··· Raw data ···

(* Let $T$ be a triangulation of an unpunctured bordered surface $(S,M)$, let $\Sigma_{Q_{\overline T}}=(\{x_1,\dots,x_n\},\{F_1,\dots,F_n\})$ be its associated LP seed, and let $i\in\{1,\dots,n\}$. Then $\hat F_i=F_i$ if and only if $F_i\neq F_j$ for every $j\neq i$.
   Context: $(S,M)$: compact surface (possibly non-orientable) with nonempty boundary, marked points $M\subset\partial S$ meeting every boundary component, no punctures, not a monogon/digon/triangle; boundary segments carry variables generating the coefficient ring $R$. Quasi-arcs: arcs (up to isotopy) not bounding a Möbius strip with one marked point, and one-sided simple closed curves; compatible = disjoint, or the unique arc and one-sided curve in a Möbius strip with one marked point. Triangulation: maximal compatible set containing no one-sided curve; $x_1,\dots,x_n$ correspond to its arcs. Double cover and quiver: replace each cross-cap by a cylinder to get $\tilde S$, glue two copies along the new cylinder boundaries by the antipodal map (two oppositely oriented copies if $S$ orientable); $T$ lifts to $\overline T$, each arc/boundary segment $i$ having lifts $i,\tilde i$. $Q_{\overline T}$: vertices arcs and boundary segments of $\overline T$; arrow $i\to j$ for each triangle in which $j$ follows $i$ in the orientation; 2-cycles cancelled; $b_{ij}$ = (arrows $i\to j$) $-$ (arrows $j\to i$). $F_j=\prod_{b_{ij}+b_{\tilde ij}>0}x_i^{b_{ij}+b_{\tilde ij}}+\prod_{b_{ij}+b_{\tilde ij}<0}x_i^{-(b_{ij}+b_{\tilde ij})}$ over twin-pair representatives $i$. Normalisation (Lam–Pylyavskyy): $\hat F_j=F_j/\prod_{k\neq j}x_k^{a_k}$ where $a_k\ge0$ is maximal such that $F_k^{a_k}$ divides $F_j|_{x_k\leftarrow F_k/x}$ in $R[x_1,\dots,x_{k-1},x^{\pm1},x_{k+1},\dots,x_n]$. *)

From HB Require Import structures.
From mathcomp Require Import all_boot all_order all_algebra.
From mathcomp Require Import mpoly fraction.
From Stdlib Require Import ClassicalEpsilon.
(* Assume $\mu_*<1$. Then the probability measure $\wp$ on $\Omega_+$ is continuous, i.e. $\wp(\{\widehat\zeta^{(0)}\})=0$ for every point $\widehat\zeta^{(0)}\in\Omega_+$.
   Context: Model. Fix $d\ge1$. $(X_t,\xi_t)_{t\in\mathbb{Z}_+}$ is a Markov chain with $X_t\in\mathbb{Z}^d$, $X_0=0$, $\xi_t\in\Omega:=\{-1,+1\}^{\mathbb{Z}^d}$. Given $X_t=x,\xi_t=\bar\xi$, the next position and the next environment are conditionally independent; $P(X_{t+1}=x+u\mid X_t=x,\xi_t=\bar\xi)=P_0(u)+\epsilon c(u)\bar\xi(x)$, where $\epsilon>0$, $P_0$ is an even, finite-range probability distribution on $\mathbb{Z}^d$ with $|\sum_u P_0(u)e^{i(\lambda,u)}|=1$ iff $\lambda=0$ and such that $1/\tilde p_0(\lambda)$ (with $\tilde p_0(\lambda)=\sum_u P_0(u)e^{i(\lambda,u)}$) has absolutely summable Fourier coefficients, and $c$ is an odd finite-range real function with $P_0(u)\pm\epsilon c(u)\in[0,1)$. Given $X_t=x,\xi_t=\bar\xi$, the values $\xi_{t+1}(y)$, $y\in\mathbb{Z}^d$, are independent with $P(\xi_{t+1}(y)=s)=Q_0(\bar\xi(y),s)$ if $y\ne x$ and $Q_1(\bar\xi(y),s)$ if $y=x$, where $Q_0,Q_1$ are symmetric $2\times2$ stochastic matrices, $Q_0$ has eigenvalues $1,\mu$ with $0<|\mu|<1$, and $Q_1-Q_0=O(\epsilon)$. The environment seen from the walk, $\eta_t(x)=\xi_t(X_t+x)$, is a Markov chain on $\Omega$ with stochastic operator $(\mathcal T f)(\bar\eta)=\mathcal E[f(\eta_{t+1})\mid\eta_t=\bar\eta]$. $\Pi_0$ is the product of uniform measures on $\{\pm1\}$. For finite $\Gamma\subset\mathbb{Z}^d$ let $\Phi_\Gamma(\eta)=\prod_{x\in\Gamma}\eta(x)$, $\Phi_\emptyset=1$; each $f\in L^2(\Omega,\Pi_0)$ is written $f=\sum_\Gamma f_\Gamma\Phi_\Gamma$. For a fixed $M>1$, $\mathcal H_M=\{f:\|f\|_M:=\sum_\Gamma|f_\Gamma|M^{|\Gamma|}<\infty\}$. Standing assumptions (valid for $\epsilon,|\mu|$ small): $\mathcal T$ maps $\mathcal H_M$ into itself; the chain $(\eta_t)$ has an invariant probability measure $\Pi$, absolutely continuous w.r.t. $\Pi_0$ with bounded density; there is $\bar\mu\in(0,1)$ with $\|\mathcal T f\|_M\le\bar\mu\|f\|_M$ for all $f\in\widehat{\mathcal H}_M:=\{f\in\mathcal H_M:\int f\,d\Pi=0\}$. The dynamics and $\Pi$ are invariant under the global spin flip $\eta\mapsto-\eta$. Path space notation: $\mathcal P_\Pi$ is the law of $(\eta_t)_{t\ge0}$ with $\eta_0\sim\Pi$. $\zeta_t:=\eta_t(0)$, $\widehat\zeta=(\zeta_t)_{t\ge0}\in\Omega_+:=\{\pm1\}^{\mathbb{Z}_+}$, and $\wp$ is the law of $\widehat\zeta$ under $\mathcal P_\Pi$ (a probability on $\Omega_+$ with its cylinder $\sigma$-algebra). $\mu_*:=M\sqrt{\bar\mu(1+2\bar\mu)}$. *)

From HB Require Import structures.
From mathcomp Require Import all_boot all_order all_algebra.
From mathcomp Require Import finmap.
From mathcomp Require Import all_classical all_reals all_analysis.
Set Implicit Arguments. Unset Strict Implicit. Unset Printing Implicit Defensive.
Import Order.TTheory GRing.Theory Num.Theory.
Local Open Scope classical_set_scope.
Local Open Scope ring_scope.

···

▶ _Task prompt_: Reproduce the records above exactly, character for character.

▶ _Expected output_:
(* Let $T$ be a triangulation of an unpunctured bordered surface $(S,M)$, let $\Sigma_{Q_{\overline T}}=(\{x_1,\dots,x_n\},\{F_1,\dots,F_n\})$ be its associated LP seed, and let $i\in\{1,\dots,n\}$. Then $\hat F_i=F_i$ if and only if $F_i\neq F_j$ for every $j\neq i$.
   Context: $(S,M)$: compact surface (possibly non-orientable) with nonempty boundary, marked points $M\subset\partial S$ meeting every boundary component, no punctures, not a monogon/digon/triangle; boundary segments carry variables generating the coefficient ring $R$. Quasi-arcs: arcs (up to isotopy) not bounding a Möbius strip with one marked point, and one-sided simple closed curves; compatible = disjoint, or the unique arc and one-sided curve in a Möbius strip with one marked point. Triangulation: maximal compatible set containing no one-sided curve; $x_1,\dots,x_n$ correspond to its arcs. Double cover and quiver: replace each cross-cap by a cylinder to get $\tilde S$, glue two copies along the new cylinder boundaries by the antipodal map (two oppositely oriented copies if $S$ orientable); $T$ lifts to $\overline T$, each arc/boundary segment $i$ having lifts $i,\tilde i$. $Q_{\overline T}$: vertices arcs and boundary segments of $\overline T$; arrow $i\to j$ for each triangle in which $j$ follows $i$ in the orientation; 2-cycles cancelled; $b_{ij}$ = (arrows $i\to j$) $-$ (arrows $j\to i$). $F_j=\prod_{b_{ij}+b_{\tilde ij}>0}x_i^{b_{ij}+b_{\tilde ij}}+\prod_{b_{ij}+b_{\tilde ij}<0}x_i^{-(b_{ij}+b_{\tilde ij})}$ over twin-pair representatives $i$. Normalisation (Lam–Pylyavskyy): $\hat F_j=F_j/\prod_{k\neq j}x_k^{a_k}$ where $a_k\ge0$ is maximal such that $F_k^{a_k}$ divides $F_j|_{x_k\leftarrow F_k/x}$ in $R[x_1,\dots,x_{k-1},x^{\pm1},x_{k+1},\dots,x_n]$. *)

From HB Require Import structures.
From mathcomp Require Import all_boot all_order all_algebra.
From mathcomp Require Import mpoly fraction.
From Stdlib Require Import ClassicalEpsilon.
(* Assume $\mu_*<1$. Then the probability measure $\wp$ on $\Omega_+$ is continuous, i.e. $\wp(\{\widehat\zeta^{(0)}\})=0$ for every point $\widehat\zeta^{(0)}\in\Omega_+$.
   Context: Model. Fix $d\ge1$. $(X_t,\xi_t)_{t\in\mathbb{Z}_+}$ is a Markov chain with $X_t\in\mathbb{Z}^d$, $X_0=0$, $\xi_t\in\Omega:=\{-1,+1\}^{\mathbb{Z}^d}$. Given $X_t=x,\xi_t=\bar\xi$, the next position and the next environment are conditionally independent; $P(X_{t+1}=x+u\mid X_t=x,\xi_t=\bar\xi)=P_0(u)+\epsilon c(u)\bar\xi(x)$, where $\epsilon>0$, $P_0$ is an even, finite-range probability distribution on $\mathbb{Z}^d$ with $|\sum_u P_0(u)e^{i(\lambda,u)}|=1$ iff $\lambda=0$ and such that $1/\tilde p_0(\lambda)$ (with $\tilde p_0(\lambda)=\sum_u P_0(u)e^{i(\lambda,u)}$) has absolutely summable Fourier coefficients, and $c$ is an odd finite-range real function with $P_0(u)\pm\epsilon c(u)\in[0,1)$. Given $X_t=x,\xi_t=\bar\xi$, the values $\xi_{t+1}(y)$, $y\in\mathbb{Z}^d$, are independent with $P(\xi_{t+1}(y)=s)=Q_0(\bar\xi(y),s)$ if $y\ne x$ and $Q_1(\bar\xi(y),s)$ if $y=x$, where $Q_0,Q_1$ are symmetric $2\times2$ stochastic matrices, $Q_0$ has eigenvalues $1,\mu$ with $0<|\mu|<1$, and $Q_1-Q_0=O(\epsilon)$. The environment seen from the walk, $\eta_t(x)=\xi_t(X_t+x)$, is a Markov chain on $\Omega$ with stochastic operator $(\mathcal T f)(\bar\eta)=\mathcal E[f(\eta_{t+1})\mid\eta_t=\bar\eta]$. $\Pi_0$ is the product of uniform measures on $\{\pm1\}$. For finite $\Gamma\subset\mathbb{Z}^d$ let $\Phi_\Gamma(\eta)=\prod_{x\in\Gamma}\eta(x)$, $\Phi_\emptyset=1$; each $f\in L^2(\Omega,\Pi_0)$ is written $f=\sum_\Gamma f_\Gamma\Phi_\Gamma$. For a fixed $M>1$, $\mathcal H_M=\{f:\|f\|_M:=\sum_\Gamma|f_\Gamma|M^{|\Gamma|}<\infty\}$. Standing assumptions (valid for $\epsilon,|\mu|$ small): $\mathcal T$ maps $\mathcal H_M$ into itself; the chain $(\eta_t)$ has an invariant probability measure $\Pi$, absolutely continuous w.r.t. $\Pi_0$ with bounded density; there is $\bar\mu\in(0,1)$ with $\|\mathcal T f\|_M\le\bar\mu\|f\|_M$ for all $f\in\widehat{\mathcal H}_M:=\{f\in\mathcal H_M:\int f\,d\Pi=0\}$. The dynamics and $\Pi$ are invariant under the global spin flip $\eta\mapsto-\eta$. Path space notation: $\mathcal P_\Pi$ is the law of $(\eta_t)_{t\ge0}$ with $\eta_0\sim\Pi$. $\zeta_t:=\eta_t(0)$, $\widehat\zeta=(\zeta_t)_{t\ge0}\in\Omega_+:=\{\pm1\}^{\mathbb{Z}_+}$, and $\wp$ is the law of $\widehat\zeta$ under $\mathcal P_\Pi$ (a probability on $\Omega_+$ with its cylinder $\sigma$-algebra). $\mu_*:=M\sqrt{\bar\mu(1+2\bar\mu)}$. *)

From HB Require Import structures.
From mathcomp Require Import all_boot all_order all_algebra.
From mathcomp Require Import finmap.
From mathcomp Require Import all_classical all_reals all_analysis.
Set Implicit Arguments. Unset Strict Implicit. Unset Printing Implicit Defensive.
Import Order.TTheory GRing.Theory Num.Theory.
Local Open Scope classical_set_scope.
Local Open Scope ring_scope.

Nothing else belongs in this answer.